→ **What this task involves**:
From the first line to the last, give the records again exactly.

→ **Data shown**:
=== Begin Enclosure ===

Theorem theorem1 :
  forall alpha C1 C2 : R,
    0 < alpha -> 0 < 2 * C1 + C2 ->
    (* regularity and monotonicity of b_- and b_+ *)
    C1_on (bminus C1 C2) 0 (C3crit C1 C2) /\
    C1_on (bplus C1 C2) 0 (C3crit C1 C2) /\
    strictly_increasing_on (bminus C1 C2) 0 (C3crit C1 C2) /\
    strictly_increasing_on (bplus C1 C2) 0 (C3crit C1 C2) /\
    (* end-point limits *)
    filterlim (bminus C1 C2) (at_right 0)
      (locally (- / 2 * C1 ^ 2 - C1 * C2)) /\
    filterlim (bminus C1 C2) (at_left (C3crit C1 C2))
      (locally (/ 6 * (C1 - C2) ^ 2)) /\
    filterlim (bplus C1 C2) (at_right 0)
      (locally (/ 8 * (C2 ^ 2 - 4 * C1 * C2))) /\
    filterlim (bplus C1 C2) (at_left (C3crit C1 C2))
      (locally (/ 6 * (C1 - C2) ^ 2)) /\
    (* C^1 inverses C3^- and C3^+, and the region enclosed by the boundaries
       C3 = 0, C3 = C3^+(b), C3 = C3^-(b) *)
    (exists C3m C3p : R -> R,
       C1_inverse (bminus C1 C2) C3m 0 (C3crit C1 C2)
         (- / 2 * C1 ^ 2 - C1 * C2) (/ 6 * (C1 - C2) ^ 2) /\
       C1_inverse (bplus C1 C2) C3p 0 (C3crit C1 C2)
         (/ 8 * (C2 ^ 2 - 4 * C1 * C2)) (/ 6 * (C1 - C2) ^ 2) /\
       (forall C3 b : R,
          (0 < C3 < C3crit C1 C2 /\ bminus C1 C2 C3 < b < bplus C1 C2 C3) <->
          (- / 2 * C1 ^ 2 - C1 * C2 < b < / 6 * (C1 - C2) ^ 2 /\
           C3 < C3m b /\
           (b <= / 8 * (C2 ^ 2 - 4 * C1 * C2) -> 0 < C3) /\
           (/ 8 * (C2 ^ 2 - 4 * C1 * C2) < b -> C3p b < C3)))) /\
    (* existence of smooth periodic solutions in the region *)
    (forall C3 b : R,
       0 < C3 < C3crit C1 C2 ->
       bminus C1 C2 C3 < b < bplus C1 C2 C3 ->
       exists phi : R -> R, smooth_periodic_solution alpha C1 C2 C3 b phi).
Proof.
  intros alpha C1 C2 Hal HK.
  split; [exact (bminus_C1 C1 C2 HK)|]; split; [exact (bplus_C1 C1 C2 HK)|].
  split; [exact (bminus_incr C1 C2 HK)|]; split; [exact (bplus_incr C1 C2 HK)|].
  split; [exact (bminus_lim0 C1 C2 HK)|]; split; [exact (bminus_lim_crit C1 C2 HK)|].
  split; [exact (bplus_lim0 C1 C2 HK)|]; split; [exact (bplus_lim_crit C1 C2 HK)|].
  split.
  - exists (C3_of_b C1 C2 1), (C3_of_b C1 C2 (-1)); split; [|split].
    + split; [intros; apply C3minus_spec; auto|].
      split; [intros; apply C3minus_of_bminus; auto|apply C3_of_b_C1; ring].
    + split; [intros; apply C3plus_spec; auto|].
      split; [intros; apply C3plus_of_bplus; auto|apply C3_of_b_C1; ring].
    + intros C3 b; apply region_iff; auto.
  - intros C3 b HC Hb; apply periodic_solution_exists; auto.
Qed.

=== End Enclosure ===

→ **Your solution**:
Theorem theorem1 :
  forall alpha C1 C2 : R,
    0 < alpha -> 0 < 2 * C1 + C2 ->
    (* regularity and monotonicity of b_- and b_+ *)
    C1_on (bminus C1 C2) 0 (C3crit C1 C2) /\
    C1_on (bplus C1 C2) 0 (C3crit C1 C2) /\
    strictly_increasing_on (bminus C1 C2) 0 (C3crit C1 C2) /\
    strictly_increasing_on (bplus C1 C2) 0 (C3crit C1 C2) /\
    (* end-point limits *)
    filterlim (bminus C1 C2) (at_right 0)
      (locally (- / 2 * C1 ^ 2 - C1 * C2)) /\
    filterlim (bminus C1 C2) (at_left (C3crit C1 C2))
      (locally (/ 6 * (C1 - C2) ^ 2)) /\
    filterlim (bplus C1 C2) (at_right 0)
      (locally (/ 8 * (C2 ^ 2 - 4 * C1 * C2))) /\
    filterlim (bplus C1 C2) (at_left (C3crit C1 C2))
      (locally (/ 6 * (C1 - C2) ^ 2)) /\
    (* C^1 inverses C3^- and C3^+, and the region enclosed by the boundaries
       C3 = 0, C3 = C3^+(b), C3 = C3^-(b) *)
    (exists C3m C3p : R -> R,
       C1_inverse (bminus C1 C2) C3m 0 (C3crit C1 C2)
         (- / 2 * C1 ^ 2 - C1 * C2) (/ 6 * (C1 - C2) ^ 2) /\
       C1_inverse (bplus C1 C2) C3p 0 (C3crit C1 C2)
         (/ 8 * (C2 ^ 2 - 4 * C1 * C2)) (/ 6 * (C1 - C2) ^ 2) /\
       (forall C3 b : R,
          (0 < C3 < C3crit C1 C2 /\ bminus C1 C2 C3 < b < bplus C1 C2 C3) <->
          (- / 2 * C1 ^ 2 - C1 * C2 < b < / 6 * (C1 - C2) ^ 2 /\
           C3 < C3m b /\
           (b <= / 8 * (C2 ^ 2 - 4 * C1 * C2) -> 0 < C3) /\
           (/ 8 * (C2 ^ 2 - 4 * C1 * C2) < b -> C3p b < C3)))) /\
    (* existence of smooth periodic solutions in the region *)
    (forall C3 b : R,
       0 < C3 < C3crit C1 C2 ->
       bminus C1 C2 C3 < b < bplus C1 C2 C3 ->
       exists phi : R -> R, smooth_periodic_solution alpha C1 C2 C3 b phi).
Proof.
  intros alpha C1 C2 Hal HK.
  split; [exact (bminus_C1 C1 C2 HK)|]; split; [exact (bplus_C1 C1 C2 HK)|].
  split; [exact (bminus_incr C1 C2 HK)|]; split; [exact (bplus_incr C1 C2 HK)|].
  split; [exact (bminus_lim0 C1 C2 HK)|]; split; [exact (bminus_lim_crit C1 C2 HK)|].
  split; [exact (bplus_lim0 C1 C2 HK)|]; split; [exact (bplus_lim_crit C1 C2 HK)|].
  split.
  - exists (C3_of_b C1 C2 1), (C3_of_b C1 C2 (-1)); split; [|split].
    + split; [intros; apply C3minus_spec; auto|].
      split; [intros; apply C3minus_of_bminus; auto|apply C3_of_b_C1; ring].
    + split; [intros; apply C3plus_spec; auto|].
      split; [intros; apply C3plus_of_bplus; auto|apply C3_of_b_C1; ring].
    + intros C3 b; apply region_iff; auto.
  - intros C3 b HC Hb; apply periodic_solution_exists; auto.
Qed.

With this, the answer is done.